§ What you have to do
Look below for the line holding "Proof. by move=> eq_k;" and the line holding "Lemma mulr_div_sqrt (R". Transcribe exactly those lines and all lines between them, nothing more.

_____

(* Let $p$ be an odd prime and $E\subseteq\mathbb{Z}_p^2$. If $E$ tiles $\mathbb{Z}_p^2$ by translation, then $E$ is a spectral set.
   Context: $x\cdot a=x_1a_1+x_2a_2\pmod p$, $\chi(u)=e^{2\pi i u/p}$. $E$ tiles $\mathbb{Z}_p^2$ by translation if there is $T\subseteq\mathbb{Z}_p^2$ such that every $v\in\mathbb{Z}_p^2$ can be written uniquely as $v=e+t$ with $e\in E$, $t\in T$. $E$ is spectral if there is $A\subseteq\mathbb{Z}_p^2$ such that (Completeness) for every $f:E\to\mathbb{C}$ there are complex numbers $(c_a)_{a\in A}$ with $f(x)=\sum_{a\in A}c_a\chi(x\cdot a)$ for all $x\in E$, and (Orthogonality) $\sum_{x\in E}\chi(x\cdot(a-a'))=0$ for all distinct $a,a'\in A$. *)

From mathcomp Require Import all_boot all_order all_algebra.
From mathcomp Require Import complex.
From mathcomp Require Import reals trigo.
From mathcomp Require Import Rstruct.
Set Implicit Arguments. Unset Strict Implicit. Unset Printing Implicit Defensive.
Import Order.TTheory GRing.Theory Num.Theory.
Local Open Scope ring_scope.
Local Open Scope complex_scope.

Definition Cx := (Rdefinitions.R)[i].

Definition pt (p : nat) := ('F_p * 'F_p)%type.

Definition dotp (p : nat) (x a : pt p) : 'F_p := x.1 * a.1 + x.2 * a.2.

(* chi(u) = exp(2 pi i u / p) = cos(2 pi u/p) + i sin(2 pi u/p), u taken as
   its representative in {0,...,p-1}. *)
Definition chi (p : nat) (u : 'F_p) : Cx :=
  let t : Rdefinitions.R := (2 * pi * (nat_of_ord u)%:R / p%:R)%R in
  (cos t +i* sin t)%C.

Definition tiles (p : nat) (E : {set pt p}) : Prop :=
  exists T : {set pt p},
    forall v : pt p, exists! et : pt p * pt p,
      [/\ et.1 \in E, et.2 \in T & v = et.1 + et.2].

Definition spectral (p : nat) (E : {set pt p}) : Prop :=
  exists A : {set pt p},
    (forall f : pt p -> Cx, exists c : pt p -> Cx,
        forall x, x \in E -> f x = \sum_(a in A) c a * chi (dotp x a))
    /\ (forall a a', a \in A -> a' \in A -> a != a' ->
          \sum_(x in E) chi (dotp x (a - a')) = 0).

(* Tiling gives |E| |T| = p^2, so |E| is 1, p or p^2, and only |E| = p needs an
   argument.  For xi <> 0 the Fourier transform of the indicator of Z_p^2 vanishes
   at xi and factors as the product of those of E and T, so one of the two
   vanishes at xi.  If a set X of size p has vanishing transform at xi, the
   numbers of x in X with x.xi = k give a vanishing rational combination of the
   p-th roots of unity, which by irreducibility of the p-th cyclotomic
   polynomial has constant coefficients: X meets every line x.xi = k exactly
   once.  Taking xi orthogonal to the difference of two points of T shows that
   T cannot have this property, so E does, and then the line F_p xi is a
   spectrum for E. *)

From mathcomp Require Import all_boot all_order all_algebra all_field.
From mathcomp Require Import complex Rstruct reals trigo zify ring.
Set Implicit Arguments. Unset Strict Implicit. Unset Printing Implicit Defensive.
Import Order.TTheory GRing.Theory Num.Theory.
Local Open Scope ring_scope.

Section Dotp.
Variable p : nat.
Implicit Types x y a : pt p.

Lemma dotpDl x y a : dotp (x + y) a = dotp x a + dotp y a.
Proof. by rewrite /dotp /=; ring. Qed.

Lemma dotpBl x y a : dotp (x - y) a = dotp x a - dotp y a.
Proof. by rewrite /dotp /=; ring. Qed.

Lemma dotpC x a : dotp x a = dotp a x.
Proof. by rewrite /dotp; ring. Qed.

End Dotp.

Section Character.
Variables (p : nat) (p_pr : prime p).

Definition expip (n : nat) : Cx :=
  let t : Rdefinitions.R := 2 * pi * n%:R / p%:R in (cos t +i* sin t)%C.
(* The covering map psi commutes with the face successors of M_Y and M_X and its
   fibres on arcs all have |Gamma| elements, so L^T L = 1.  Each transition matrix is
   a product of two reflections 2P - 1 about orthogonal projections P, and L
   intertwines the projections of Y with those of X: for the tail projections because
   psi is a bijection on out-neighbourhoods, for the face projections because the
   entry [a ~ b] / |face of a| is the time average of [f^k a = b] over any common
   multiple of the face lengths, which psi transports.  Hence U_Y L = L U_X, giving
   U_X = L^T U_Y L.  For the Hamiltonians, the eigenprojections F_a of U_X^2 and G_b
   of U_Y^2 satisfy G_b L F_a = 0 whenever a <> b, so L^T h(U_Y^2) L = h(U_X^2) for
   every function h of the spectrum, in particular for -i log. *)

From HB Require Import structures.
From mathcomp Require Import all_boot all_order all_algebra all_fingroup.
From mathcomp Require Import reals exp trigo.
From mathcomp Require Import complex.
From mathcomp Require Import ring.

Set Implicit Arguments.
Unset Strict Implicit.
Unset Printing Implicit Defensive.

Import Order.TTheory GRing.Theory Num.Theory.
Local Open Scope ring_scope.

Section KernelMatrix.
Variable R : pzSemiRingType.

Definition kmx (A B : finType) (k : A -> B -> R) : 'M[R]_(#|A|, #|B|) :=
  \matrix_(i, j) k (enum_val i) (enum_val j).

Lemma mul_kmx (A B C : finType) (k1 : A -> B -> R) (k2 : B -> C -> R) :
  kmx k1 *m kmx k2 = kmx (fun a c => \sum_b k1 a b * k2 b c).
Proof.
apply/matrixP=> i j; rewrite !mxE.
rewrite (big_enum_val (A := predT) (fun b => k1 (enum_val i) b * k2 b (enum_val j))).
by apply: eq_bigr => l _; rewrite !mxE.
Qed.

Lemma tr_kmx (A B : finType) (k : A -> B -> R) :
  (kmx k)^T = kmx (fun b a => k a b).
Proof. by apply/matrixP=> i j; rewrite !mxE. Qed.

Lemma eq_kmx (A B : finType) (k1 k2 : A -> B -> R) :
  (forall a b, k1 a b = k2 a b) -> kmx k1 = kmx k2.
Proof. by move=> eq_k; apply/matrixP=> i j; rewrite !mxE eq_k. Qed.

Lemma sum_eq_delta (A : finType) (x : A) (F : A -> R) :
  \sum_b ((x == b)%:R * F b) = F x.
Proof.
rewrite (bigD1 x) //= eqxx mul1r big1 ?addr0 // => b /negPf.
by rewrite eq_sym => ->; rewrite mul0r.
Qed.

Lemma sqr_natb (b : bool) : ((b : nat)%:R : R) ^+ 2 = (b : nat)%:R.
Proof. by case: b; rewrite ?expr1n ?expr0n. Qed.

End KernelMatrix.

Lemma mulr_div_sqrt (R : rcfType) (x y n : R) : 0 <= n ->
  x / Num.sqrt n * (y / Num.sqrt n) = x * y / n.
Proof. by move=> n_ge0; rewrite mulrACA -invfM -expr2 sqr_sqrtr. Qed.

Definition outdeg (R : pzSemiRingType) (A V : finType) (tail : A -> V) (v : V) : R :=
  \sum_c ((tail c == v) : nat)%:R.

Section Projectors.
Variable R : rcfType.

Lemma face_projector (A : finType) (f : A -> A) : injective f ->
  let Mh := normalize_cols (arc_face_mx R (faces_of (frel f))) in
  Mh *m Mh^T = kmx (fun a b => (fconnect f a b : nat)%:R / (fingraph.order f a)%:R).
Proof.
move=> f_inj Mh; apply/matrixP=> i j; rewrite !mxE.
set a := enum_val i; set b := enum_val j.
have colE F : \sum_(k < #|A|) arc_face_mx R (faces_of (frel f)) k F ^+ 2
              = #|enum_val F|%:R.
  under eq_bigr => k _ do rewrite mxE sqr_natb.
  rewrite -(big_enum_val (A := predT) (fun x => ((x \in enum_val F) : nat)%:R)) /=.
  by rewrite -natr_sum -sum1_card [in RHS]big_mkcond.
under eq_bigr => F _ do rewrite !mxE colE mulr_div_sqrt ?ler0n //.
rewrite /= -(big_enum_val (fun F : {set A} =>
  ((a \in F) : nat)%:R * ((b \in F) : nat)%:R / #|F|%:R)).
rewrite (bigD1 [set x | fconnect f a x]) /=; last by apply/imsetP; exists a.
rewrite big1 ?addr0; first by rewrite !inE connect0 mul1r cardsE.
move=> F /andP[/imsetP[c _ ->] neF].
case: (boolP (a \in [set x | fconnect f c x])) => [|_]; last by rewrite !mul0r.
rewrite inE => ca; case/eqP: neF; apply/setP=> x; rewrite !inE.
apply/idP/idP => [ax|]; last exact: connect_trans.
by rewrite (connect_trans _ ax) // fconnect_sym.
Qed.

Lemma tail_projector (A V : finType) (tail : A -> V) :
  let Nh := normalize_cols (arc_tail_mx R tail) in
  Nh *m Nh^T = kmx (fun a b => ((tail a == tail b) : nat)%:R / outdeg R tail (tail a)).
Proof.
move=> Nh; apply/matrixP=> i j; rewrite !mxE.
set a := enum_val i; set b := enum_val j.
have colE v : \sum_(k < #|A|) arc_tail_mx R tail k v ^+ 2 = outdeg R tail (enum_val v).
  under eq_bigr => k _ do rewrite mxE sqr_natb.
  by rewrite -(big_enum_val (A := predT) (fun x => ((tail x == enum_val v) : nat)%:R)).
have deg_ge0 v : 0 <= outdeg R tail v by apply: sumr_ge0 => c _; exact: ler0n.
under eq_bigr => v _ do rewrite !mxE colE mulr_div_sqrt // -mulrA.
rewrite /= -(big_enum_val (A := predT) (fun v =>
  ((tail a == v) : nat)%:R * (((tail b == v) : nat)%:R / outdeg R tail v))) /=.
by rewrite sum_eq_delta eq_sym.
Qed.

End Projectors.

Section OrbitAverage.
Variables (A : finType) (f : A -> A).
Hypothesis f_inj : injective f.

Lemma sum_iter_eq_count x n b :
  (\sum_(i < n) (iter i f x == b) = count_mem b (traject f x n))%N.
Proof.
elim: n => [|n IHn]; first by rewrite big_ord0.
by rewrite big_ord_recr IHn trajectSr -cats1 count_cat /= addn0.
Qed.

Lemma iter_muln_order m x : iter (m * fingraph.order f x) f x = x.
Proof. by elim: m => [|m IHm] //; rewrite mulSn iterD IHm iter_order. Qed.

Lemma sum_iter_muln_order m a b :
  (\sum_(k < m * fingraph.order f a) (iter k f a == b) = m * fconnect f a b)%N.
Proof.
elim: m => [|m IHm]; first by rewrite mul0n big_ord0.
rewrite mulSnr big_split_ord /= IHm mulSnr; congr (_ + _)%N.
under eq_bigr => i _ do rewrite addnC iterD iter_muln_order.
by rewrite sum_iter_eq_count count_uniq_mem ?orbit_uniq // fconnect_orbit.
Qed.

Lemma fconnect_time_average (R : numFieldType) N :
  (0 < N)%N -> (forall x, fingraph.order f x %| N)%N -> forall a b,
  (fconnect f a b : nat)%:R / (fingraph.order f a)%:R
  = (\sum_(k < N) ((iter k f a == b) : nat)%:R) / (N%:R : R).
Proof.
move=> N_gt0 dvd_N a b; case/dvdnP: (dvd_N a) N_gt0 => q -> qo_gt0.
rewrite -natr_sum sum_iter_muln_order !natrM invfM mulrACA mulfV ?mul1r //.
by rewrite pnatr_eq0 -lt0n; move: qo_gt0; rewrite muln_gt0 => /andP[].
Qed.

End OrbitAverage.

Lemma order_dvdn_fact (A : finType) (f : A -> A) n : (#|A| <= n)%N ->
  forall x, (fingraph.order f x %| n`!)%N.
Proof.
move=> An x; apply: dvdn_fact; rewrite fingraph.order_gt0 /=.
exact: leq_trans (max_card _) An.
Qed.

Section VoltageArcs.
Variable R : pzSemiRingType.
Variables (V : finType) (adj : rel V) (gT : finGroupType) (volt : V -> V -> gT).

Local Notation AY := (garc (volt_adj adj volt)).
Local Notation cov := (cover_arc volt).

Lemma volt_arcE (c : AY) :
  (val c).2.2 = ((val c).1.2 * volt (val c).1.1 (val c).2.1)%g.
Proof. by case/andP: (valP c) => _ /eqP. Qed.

_____

§ Written answer
Proof. by move=> eq_k; apply/matrixP=> i j; rewrite !mxE eq_k. Qed.

Lemma sum_eq_delta (A : finType) (x : A) (F : A -> R) :
  \sum_b ((x == b)%:R * F b) = F x.
Proof.
rewrite (bigD1 x) //= eqxx mul1r big1 ?addr0 // => b /negPf.
by rewrite eq_sym => ->; rewrite mul0r.
Qed.

Lemma sqr_natb (b : bool) : ((b : nat)%:R : R) ^+ 2 = (b : nat)%:R.
Proof. by case: b; rewrite ?expr1n ?expr0n. Qed.

End KernelMatrix.

Lemma mulr_div_sqrt (R : rcfType) (x y n : R) : 0 <= n ->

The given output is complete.